The -i parameter is a distance in map units between contours. In this map each pixel is a floating point value of height over sea level in metres, and so I'm going to generate a contour at 1m steps. This will give you this map:

Success, right? Well, it's fine, but it has issues. To help discuss the first one, let's quickly look at the local land cover map, taken from Nationella Marktäckedata:

In the land cover data you can see the peninsular and the island, and if you look closely at the contour map you can see that the river effectively floods over the island, and the peninsular is also disconnected.

The reason for this is that the water level in the map is 235.08 metres, and so what you're seeing as the first contour for the island is the line at 236 metres, which is considerably higher than the water level, so we have lost the outline of the island.

You can give gdal_contour a list of steps, so I tried to pass it 235.08 or slightly lower as the starting point, but it seems it always rounds to the nearest integer unit of height. So in the end I fixed this by editing the elevation map, and made all pixels that were 235.1 and lower down to 234.99 metres. Basically I lowered the water by 9cm :) That said, that's well within the bounds for this area, as this river is actually a reservoir and the water levels do change quite a bit, and I suspect the elevation map is towards the higher end of things. You can see in this screen grab I took today from Den Stora Älgvandringen the difference in water level here as marked on this rock which is in that narrow channel between the island and the peninsular: the water level the last few days has been really quite low (and a tip of the hat to Snuttenliten in the moose discord channel for spotting the handy water level marker!).

It's something you have to watch out for in working with tiled elevation data: the tile to the left of this one has the water level slightly lower than the one we're looking at today, at 234.81, as most likely it was recorded in a different pass. That's not a big difference, but there's potential for a reservoir like this to change level quite quickly, and so throw off attempts to match tiles together. I also know that the river is the lowest point in this particular tile, so I'm only adjusting the water level and nothing else. If that wasn't the case then I'd need to use the water level mask I created before.
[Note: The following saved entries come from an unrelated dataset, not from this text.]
(* Under the standing setting below, take $\rho(x,y)=\|\nabla h(x,y)\|^2$ and $C_0>0$. For an integer $K\ge1$ set $\alpha=K^{-1/3}$ and $\gamma=\min\{\alpha,\frac{1}{L_f+\alpha L_h}\}$, let $(x_0,y_0)$ satisfy $h(x_0,y_0)\le\alpha^2C_0$, and run the Algorithm. Then there is a constant $c>0$ depending only on $L_f,L_h,C_f,C_0,\bar f$ and an upper bound on $f(x_0,y_0)$ (not on $K$) such that $$\frac1K\sum_{k=0}^{K-1}\big(\|\Delta_k^x\|^2+\|\Delta_k^y\|^2\big)\le cK^{-2/3},\qquad \frac1K\sum_{k=0}^{K-1}\|\nabla h_k\|^2\le cK^{-2/3}.$$ Consequently, for every $\epsilon>0$ there is $K=\mathcal{O}(\epsilon^{-3/2})$ such that some $t\in\{0,\dots,K-1\}$ satisfies $\max\{\|\nabla h_t\|^2,\|\nabla f_t+\lambda_t\nabla h_t\|^2\}\le\epsilon$.
   Context: Standing setting. $f,g:\mathbb{R}^n\times\mathbb{R}^m\to\mathbb{R}$. $f$ is continuously differentiable, $\bar f:=\inf_{(x,y)}f(x,y)>-\infty$, $\nabla f$ is $L_f$-Lipschitz, and $\|\nabla f(x,y)\|\le C_f$ for all $(x,y)$. $g$ is twice continuously differentiable, and $h(x,y):=\|\nabla_y g(x,y)\|^2$ is continuously differentiable with $\nabla h$ being $L_h$-Lipschitz ($L_h>0$). Write $\nabla h=(\nabla_x h,\nabla_y h)$, $f_k=f(x_k,y_k)$, $h_k=h(x_k,y_k)$, $\nabla f_k=\nabla f(x_k,y_k)$, $\nabla h_k=\nabla h(x_k,y_k)$, etc. Given $\rho:\mathbb{R}^n\times\mathbb{R}^m\to\mathbb{R}_{\ge0}$, $\alpha,\gamma>0$, $(x_0,y_0)$, the Algorithm iterates for $k\ge0$: $\lambda_k=\big[-\nabla_x h_k^\top\nabla_x f_k-\nabla_y h_k^\top\nabla_y f_k+\alpha\rho(x_k,y_k)\big]_+/(\|\nabla_x h_k\|^2+\|\nabla_y h_k\|^2)$ if $\nabla h_k\ne0$ and $\lambda_k=0$ otherwise ($[t]_+=\max\{0,t\}$); $\Delta_k^x=-\nabla_x f_k-\lambda_k\nabla_x h_k$, $\Delta_k^y=-\nabla_y f_k-\lambda_k\nabla_y h_k$; $x_{k+1}=x_k+\gamma\Delta_k^x$, $y_{k+1}=y_k+\gamma\Delta_k^y$. Note $\nabla f_k+\lambda_k\nabla h_k=-(\Delta_k^x,\Delta_k^y)$. *)

From HB Require Import structures.
From mathcomp Require Import all_boot all_order all_algebra.
From mathcomp Require Import all_classical all_reals all_analysis.
Set Implicit Arguments. Unset Strict Implicit. Unset Printing Implicit Defensive.
Import Order.TTheory GRing.Theory Num.Theory.
Import numFieldNormedType.Exports.
Local Open Scope ring_scope.

Section Defs.
Variable R : realType.

Definition dotv n (u v : 'rV[R]_n) : R := \sum_(i < n) u 0 i * v 0 i.
Definition sqn n (u : 'rV[R]_n) : R := dotv u u.
Definition enorm2 n m (p : 'rV[R]_n * 'rV[R]_m) : R := Num.sqrt (sqn p.1 + sqn p.2).

Definition has_gradient n m (F : 'rV[R]_n * 'rV[R]_m -> R)
    (Gx : 'rV[R]_n * 'rV[R]_m -> 'rV[R]_n) (Gy : 'rV[R]_n * 'rV[R]_m -> 'rV[R]_m) :=
  forall p, differentiable F p /\
    forall v : 'rV[R]_n * 'rV[R]_m, 'd F p v = dotv (Gx p) v.1 + dotv (Gy p) v.2.

Definition C1map n m k (F : 'rV[R]_n * 'rV[R]_m -> 'rV[R]_k) :=
  (forall p, differentiable F p) /\
  (forall v : 'rV[R]_n * 'rV[R]_m, continuous (fun p => 'd F p v)).

Definition lipschitz_grad n m (L : R)
    (Gx : 'rV[R]_n * 'rV[R]_m -> 'rV[R]_n) (Gy : 'rV[R]_n * 'rV[R]_m -> 'rV[R]_m) :=
  forall p q, enorm2 (Gx p - Gx q, Gy p - Gy q) <= L * enorm2 (p.1 - q.1, p.2 - q.2).

(* The Algorithm. Gfx, Gfy: gradient of f; Hx, Hy: gradient of h. *)
Section Algo.
Variables (n m : nat).
Variables (Gfx Hx : 'rV[R]_n * 'rV[R]_m -> 'rV[R]_n)
          (Gfy Hy : 'rV[R]_n * 'rV[R]_m -> 'rV[R]_m).
Variables (rho : 'rV[R]_n * 'rV[R]_m -> R) (alpha gamma : R).

Definition alg_lambda (p : 'rV[R]_n * 'rV[R]_m) : R :=
  if (Hx p != 0) || (Hy p != 0) then
    Num.max 0 (- dotv (Hx p) (Gfx p) - dotv (Hy p) (Gfy p) + alpha * rho p)
      / (sqn (Hx p) + sqn (Hy p))
  else 0.

Definition alg_Dx (p : 'rV[R]_n * 'rV[R]_m) : 'rV[R]_n :=
  - Gfx p - alg_lambda p *: Hx p.
Definition alg_Dy (p : 'rV[R]_n * 'rV[R]_m) : 'rV[R]_m :=
  - Gfy p - alg_lambda p *: Hy p.

Fixpoint alg_iter (x0 : 'rV[R]_n) (y0 : 'rV[R]_m) (k : nat) : 'rV[R]_n * 'rV[R]_m :=
  match k with
  | 0%N => (x0, y0)
  | k'.+1 => let p := alg_iter x0 y0 k' in
             (p.1 + gamma *: alg_Dx p, p.2 + gamma *: alg_Dy p)
  end.
End Algo.
End Defs.

(* With alpha = K^(-1/3), one step of the algorithm decreases h by gamma*alpha*||grad h||^2
   and the merit function f + alpha*h by gamma/2 * ||D||^2, up to second-order terms and the
   cross term gamma*alpha*<grad h, grad f>.  The multiplier lambda drops out of the merit
   decrease by complementary slackness, and the cross term is absorbed by AM-GM together with
   the decrease of h.  Telescoping over K steps, using K*alpha^3 = 1 and h_0 <= alpha^2*C0,
   bounds alpha * sum ||D_k||^2 and alpha * sum ||grad h_k||^2 by a constant independent of K;
   dividing by K gives the K^(-2/3) rates, and an averaging argument yields the index t. *)

From HB Require Import structures.
From mathcomp Require Import all_boot all_order all_algebra.
From mathcomp Require Import all_classical all_reals all_analysis.
From mathcomp Require Import ring lra.
Import Order.TTheory GRing.Theory Num.Theory.
Import numFieldNormedType.Exports.
Local Open Scope ring_scope.
Set Implicit Arguments. Unset Strict Implicit. Unset Printing Implicit Defensive.

Section InnerProduct.
Variable R : realType.

Lemma dotvC n (u v : 'rV[R]_n) : dotv u v = dotv v u.
Proof. by apply: eq_bigr => i _; rewrite mulrC. Qed.

Lemma dotvDl n (u v w : 'rV[R]_n) : dotv (u + v) w = dotv u w + dotv v w.
Proof. by rewrite /dotv -big_split; apply: eq_bigr => i _; rewrite mxE mulrDl. Qed.

Lemma dotvZl n k (u w : 'rV[R]_n) : dotv (k *: u) w = k * dotv u w.
Proof. by rewrite /dotv mulr_sumr; apply: eq_bigr => i _; rewrite mxE mulrA. Qed.

Lemma sqn_ge0 n (u : 'rV[R]_n) : 0 <= sqn u.
Proof. by apply: sumr_ge0 => i _; rewrite -expr2 sqr_ge0. Qed.

Lemma sqn_eq0 n (u : 'rV[R]_n) : sqn u = 0 -> u = 0.
Proof.
move/eqP; rewrite psumr_eq0 => [/allP u0|i _]; last by rewrite -expr2 sqr_ge0.
apply/rowP => i; apply/eqP; rewrite mxE -sqrf_eq0 expr2.
exact: u0 (mem_index_enum i).
Qed.

Section Pairs.
Variables n m : nat.
Implicit Types p q r : 'rV[R]_n * 'rV[R]_m.

Definition pdot p q := dotv p.1 q.1 + dotv p.2 q.2.
Definition psq p := pdot p p.

Lemma pdotC p q : pdot p q = pdot q p.
Proof. by rewrite /pdot dotvC (dotvC p.2). Qed.

Lemma pdotDl p q r : pdot (p + q) r = pdot p r + pdot q r.
Proof. by rewrite /pdot !dotvDl addrACA. Qed.

Lemma pdotZl k p r : pdot (k *: p) r = k * pdot p r.
Proof. by rewrite /pdot !dotvZl mulrDr. Qed.

Lemma pdotNl p r : pdot (- p) r = - pdot p r.
Proof. by rewrite -scaleN1r pdotZl mulN1r. Qed.

Lemma pdotBl p q r : pdot (p - q) r = pdot p r - pdot q r.
Proof. by rewrite pdotDl pdotNl. Qed.

Lemma pdotDr p q r : pdot r (p + q) = pdot r p + pdot r q.
Proof. by rewrite pdotC pdotDl !(pdotC r). Qed.

Lemma pdotZr k p r : pdot r (k *: p) = k * pdot r p.
Proof. by rewrite pdotC pdotZl pdotC. Qed.

Lemma pdotNr p r : pdot r (- p) = - pdot r p.
Proof. by rewrite pdotC pdotNl pdotC. Qed.

Lemma pdotBr p q r : pdot r (p - q) = pdot r p - pdot r q.
Proof. by rewrite pdotDr pdotNr. Qed.

Lemma pdot0l r : pdot 0 r = 0.
Proof. by rewrite -(scale0r (0 : 'rV[R]_n * 'rV[R]_m)) pdotZl mul0r. Qed.

Lemma psq_ge0 p : 0 <= psq p.
Proof. by rewrite addr_ge0 ?sqn_ge0. Qed.

Lemma psq_eq0 p : psq p = 0 -> p = 0.
Proof.
case: p => a b; rewrite /psq /pdot /= => /eqP; rewrite paddr_eq0 ?sqn_ge0 //.
by case/andP => /eqP/sqn_eq0 -> /eqP/sqn_eq0 ->.
Qed.

Lemma psqN p : psq (- p) = psq p.
Proof. by rewrite /psq pdotNl pdotNr opprK. Qed.

Lemma psqZ k p : psq (k *: p) = k ^+ 2 * psq p.
Proof. by rewrite /psq pdotZl pdotZr mulrA expr2. Qed.

Lemma enorm2E p : enorm2 p = Num.sqrt (psq p).
Proof. by []. Qed.

Lemma enorm2_sqr p : enorm2 p ^+ 2 = psq p.
Proof. by rewrite sqr_sqrtr ?psq_ge0. Qed.

Lemma enorm2Z k p : enorm2 (k *: p) = `|k| * enorm2 p.
Proof. by rewrite !enorm2E psqZ sqrtrM ?sqr_ge0 // sqrtr_sqr. Qed.

Lemma pdot_amgm s p q : - (2 * s * pdot p q) <= psq p + s ^+ 2 * psq q.
Proof.
rewrite -subr_ge0 (_ : _ - _ = psq (p + s *: q)) ?psq_ge0 //.
by rewrite /psq pdotDl !pdotDr !pdotZl !pdotZr (pdotC q p); ring.
Qed.

Lemma pdot_le_enorm2 p q : pdot p q <= enorm2 p * enorm2 q.
Proof.
have [/psq_eq0 ->|p_neq0] := eqVneq (psq p) 0.
  by rewrite pdot0l mulr_ge0 ?sqrtr_ge0.
have p_gt0 : 0 < psq p by rewrite lt_def p_neq0 psq_ge0.
have sqr_le : pdot p q ^+ 2 <= psq p * psq q.
  rewrite -subr_ge0 -(pmulr_rge0 _ p_gt0).
  suff -> : psq p * (psq p * psq q - pdot p q ^+ 2) =
            psq (psq p *: q - pdot p q *: p) by exact: psq_ge0.
  by rewrite [in RHS]/psq pdotBl !pdotBr !pdotZl !pdotZr (pdotC q p) /psq; ring.
rewrite !enorm2E -sqrtrM ?psq_ge0 // (le_trans (ler_norm _)) //.
by rewrite -sqrtr_sqr ler_sqrt // mulr_ge0 ?psq_ge0.
Qed.

End Pairs.
End InnerProduct.

Section Descent.
Variable R : realType.

Lemma increment_le_of_deriv_le (phi dphi : R -> R) (N : R) :
  (forall t : R, is_derive t (1 : R) phi (dphi t)) ->
  (forall t : R, 0 < t < 1 -> dphi t <= dphi 0 + N * t) ->
  phi 1 <= phi 0 + dphi 0 + N / 2.
Proof.
move=> dphiP dphi_le.
pose psi := phi - (dphi 0 \*: (@id R)) - (N / 2 \*: ((@id R) ^+ 2)).
pose dpsi t := dphi t - dphi 0 *: 1 - N / 2 *: ((2%:R * t ^+ 1) *: 1).
have psiP t : is_derive t (1 : R) psi (dpsi t) by exact: is_deriveB.
have [t t01 psi10] := MVT ltr01 (fun t _ => psiP t)
  (derivable_within_continuous (fun t _ => @ex_derive _ _ _ _ _ _ _ (psiP t))).
have dpsi_le0 : dpsi t <= 0.
  move: t01; rewrite in_itv /= => /dphi_le.
  rewrite /dpsi -[dphi 0 *: 1]/(dphi 0 * 1).
  by rewrite -[_ *: ((_ * _) *: 1)]/(N / 2 * ((2 * t ^+ 1) * 1)); lra.
move: psi10; rewrite subr0 mulr1 /psi !fctE /= expr1n expr0n /= !scaler0.
by rewrite -[(dphi 0)%:A]/(dphi 0 * 1) -[(N / 2) *: 1]/(N / 2 * 1); lra.
Qed.

Variables (n m : nat) (F : 'rV[R]_n * 'rV[R]_m -> R).
Variables (Gx : 'rV[R]_n * 'rV[R]_m -> 'rV[R]_n) (Gy : 'rV[R]_n * 'rV[R]_m -> 'rV[R]_m).
Hypothesis gradF : has_gradient F Gx Gy.

Lemma has_gradient_derive_line p d (t : R) :
  is_derive t 1 (fun t : R => F (p + t *: d)) (pdot (Gx (p + t *: d), Gy (p + t *: d)) d).
Proof.
set q := p + t *: d.
have shiftE : (fun h : R => h^-1 *: (((fun t => F (p + t *: d)) \o shift t) (h *: 1)
                                   - F (p + t *: d))) =
              (fun h : R => h^-1 *: ((F \o shift q) (h *: d) - F q)).
  apply/funext => h /=; congr (_ *: (F _ - _)).
  by rewrite -[h%:A]/(h * 1) mulr1 scalerDl addrCA.
have [dF dFE] := gradF q.
split; first by rewrite /derivable shiftE; exact: diff_derivable.
by rewrite /derive shiftE -/(derive F q d) deriveE.
Qed.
To do the height adjustment I just used my own Yirgacheffe Python library, as it makes jobs like this quite succinct:

import yirgacheffe as yg
r = yg.read_raster("mhm-70_6_707_60_2500.tif")
l = yg.where(r <= 235.08, 234.98, r)
l.to_geotiff("lowered.tif")

That second to last line effectively says "in each pixel that is lower than or equal to 235.08, make it 234.98, and leave everything else as it was". I'm tooting my horn I realise, but I really love that Yirgacheffe exists at times like this.

Now if I re-run the command with the adjusted water height, we get a much clearer definition of the peninsular and the island:

A related note on the -i option: if you pick 2m say as your distance between lines, then it will always pick elevations that are multiples of 2, and so I'll get contours at 234, 236, and so forth. Given that this map has its effective water level at 235 metres, that means we've back to having a bad outline, as the first step is back up at 236. To work around this I had to ditch the -i option and instead use the -fl (fixed list) option, and then specify 235 237 239... all the way up to 311 for this area. Perhaps this is the point I should have scripted something!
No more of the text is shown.